= MATERIAL SHOWN =
(* For every integer $n\ge1$, every $n$-EP operator $T\in\mathcal{L}(\mathcal{H})$ is $(n+1)$-EP.
   Context: $\mathcal{H}$ is a Hilbert space, $\mathcal{L}(\mathcal{H})$ the bounded operators on it. For $T$ with closed range, $T^\dagger$ is its Moore–Penrose inverse (unique solution of $TT^\dagger T=T$, $T^\dagger TT^\dagger=T^\dagger$, $(T^\dagger T)^*=T^\dagger T$, $(TT^\dagger)^*=TT^\dagger$). For $m\ge1$, $T$ is $m$-EP if it has closed range and $T^mT^\dagger=T^\dagger T^m$. *)

From mathcomp Require Import all_boot all_order all_algebra.
From mathcomp Require Import reals.
From mathcomp.real_closed Require Import complex.
Set Implicit Arguments. Unset Strict Implicit. Unset Printing Implicit Defensive.
Import Order.TTheory GRing.Theory Num.Theory.
Local Open Scope ring_scope.

Section Hilbert.
Variables (R : realType) (V : lmodType R[i]) (ip : V -> V -> R[i]).

Definition hnorm (x : V) : R[i] := sqrtC (ip x x).

Definition hcauchy (u : nat -> V) : Prop :=
  forall e : R[i], 0 < e -> exists N : nat,
    forall m k : nat, (N <= m)%N -> (N <= k)%N -> hnorm (u m - u k) < e.

Definition hconverges (u : nat -> V) (l : V) : Prop :=
  forall e : R[i], 0 < e -> exists N : nat,
    forall k : nat, (N <= k)%N -> hnorm (u k - l) < e.

Definition is_hilbert_space : Prop :=
  [/\ (forall (a : R[i]) (x y z : V), ip (a *: x + y) z = a * ip x z + ip y z),
      (forall x y : V, ip y x = (ip x y)^*),
      (forall x : V, 0 <= ip x x),
      (forall x : V, ip x x = 0 -> x = 0)
    & (forall u : nat -> V, hcauchy u -> exists l : V, hconverges u l)].

Definition bounded_op (T : V -> V) : Prop :=
  (forall (a : R[i]) (x y : V), T (a *: x + y) = a *: T x + T y) /\
  exists M : R[i], forall x : V, hnorm (T x) <= M * hnorm x.

Definition closed_range (T : V -> V) : Prop :=
  forall (u : nat -> V) (y : V),
    (forall k, exists x, u k = T x) -> hconverges u y -> exists x, y = T x.

Definition self_adjoint (A : V -> V) : Prop :=
  forall x y : V, ip (A x) y = ip x (A y).

Definition is_MP_inverse (T S : V -> V) : Prop :=
  [/\ bounded_op S,
      (forall x, T (S (T x)) = T x),
      (forall x, S (T (S x)) = S x),
      self_adjoint (S \o T)
    & self_adjoint (T \o S)].

Definition m_EP (m : nat) (T : V -> V) : Prop :=
  closed_range T /\
  exists S : V -> V, is_MP_inverse T S /\
    (forall x, iter m T (S x) = S (iter m T x)).

End Hilbert.

(* Only T T^+ T = T is needed: when n >= 1 and T^n commutes with T^+, both
   T^(n+1) T^+ = T (T^+ T^n) and T^+ T^(n+1) = (T^n T^+) T collapse to T^n. *)
From mathcomp Require Import all_boot all_order all_algebra.
From mathcomp Require Import reals.
From mathcomp.real_closed Require Import complex.

Set Implicit Arguments. Unset Strict Implicit.

Section IterCommPinv.
Variables (X : Type) (T S : X -> X).
Hypothesis TST : forall x, T (S (T x)) = T x.
Variable n : nat.
Hypothesis iter_comm : forall x, iter n.+1 T (S x) = S (iter n.+1 T x).

Lemma iterS_pinv_l x : iter n.+2 T (S x) = iter n.+1 T x.
Proof. by rewrite iterS iter_comm iterS TST. Qed.

Lemma iterS_pinv_r x : S (iter n.+2 T x) = iter n.+1 T x.
Proof. by rewrite iterSr -iter_comm iterSr TST -iterSr. Qed.

Lemma iterS_comm_pinv x : iter n.+2 T (S x) = S (iter n.+2 T x).
Proof. by rewrite iterS_pinv_l iterS_pinv_r. Qed.

End IterCommPinv.

Theorem mainTheorem18 (R : realType) (V : lmodType R[i]) (ip : V -> V -> R[i])
  (hH : is_hilbert_space ip) (n : nat) (hn : (1 <= n)%N)
  (T : V -> V) (hT : bounded_op ip T) :
  m_EP ip n T -> m_EP ip n.+1 T.
Proof.
case: n hn => [//|n] _ [closedT [S [MP_S comm_n]]].
have [_ TST _ _ _] := MP_S.
split=> //; exists S; split=> //.
exact (iterS_comm_pinv TST comm_n).
Qed.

= ASSIGNED TASK =
Your task is to retype the entries verbatim, starting with the line that holds "forall x y : V, ip (A x) y = ip x (A y)." and stopping after the line that holds "Lemma iterS_pinv_r x".

= RESULT =
  forall x y : V, ip (A x) y = ip x (A y).

Definition is_MP_inverse (T S : V -> V) : Prop :=
  [/\ bounded_op S,
      (forall x, T (S (T x)) = T x),
      (forall x, S (T (S x)) = S x),
      self_adjoint (S \o T)
    & self_adjoint (T \o S)].

Definition m_EP (m : nat) (T : V -> V) : Prop :=
  closed_range T /\
  exists S : V -> V, is_MP_inverse T S /\
    (forall x, iter m T (S x) = S (iter m T x)).

End Hilbert.

(* Only T T^+ T = T is needed: when n >= 1 and T^n commutes with T^+, both
   T^(n+1) T^+ = T (T^+ T^n) and T^+ T^(n+1) = (T^n T^+) T collapse to T^n. *)
From mathcomp Require Import all_boot all_order all_algebra.
From mathcomp Require Import reals.
From mathcomp.real_closed Require Import complex.

Set Implicit Arguments. Unset Strict Implicit.

Section IterCommPinv.
Variables (X : Type) (T S : X -> X).
Hypothesis TST : forall x, T (S (T x)) = T x.
Variable n : nat.
Hypothesis iter_comm : forall x, iter n.+1 T (S x) = S (iter n.+1 T x).

Lemma iterS_pinv_l x : iter n.+2 T (S x) = iter n.+1 T x.
Proof. by rewrite iterS iter_comm iterS TST. Qed.

Lemma iterS_pinv_r x : S (iter n.+2 T x) = iter n.+1 T x.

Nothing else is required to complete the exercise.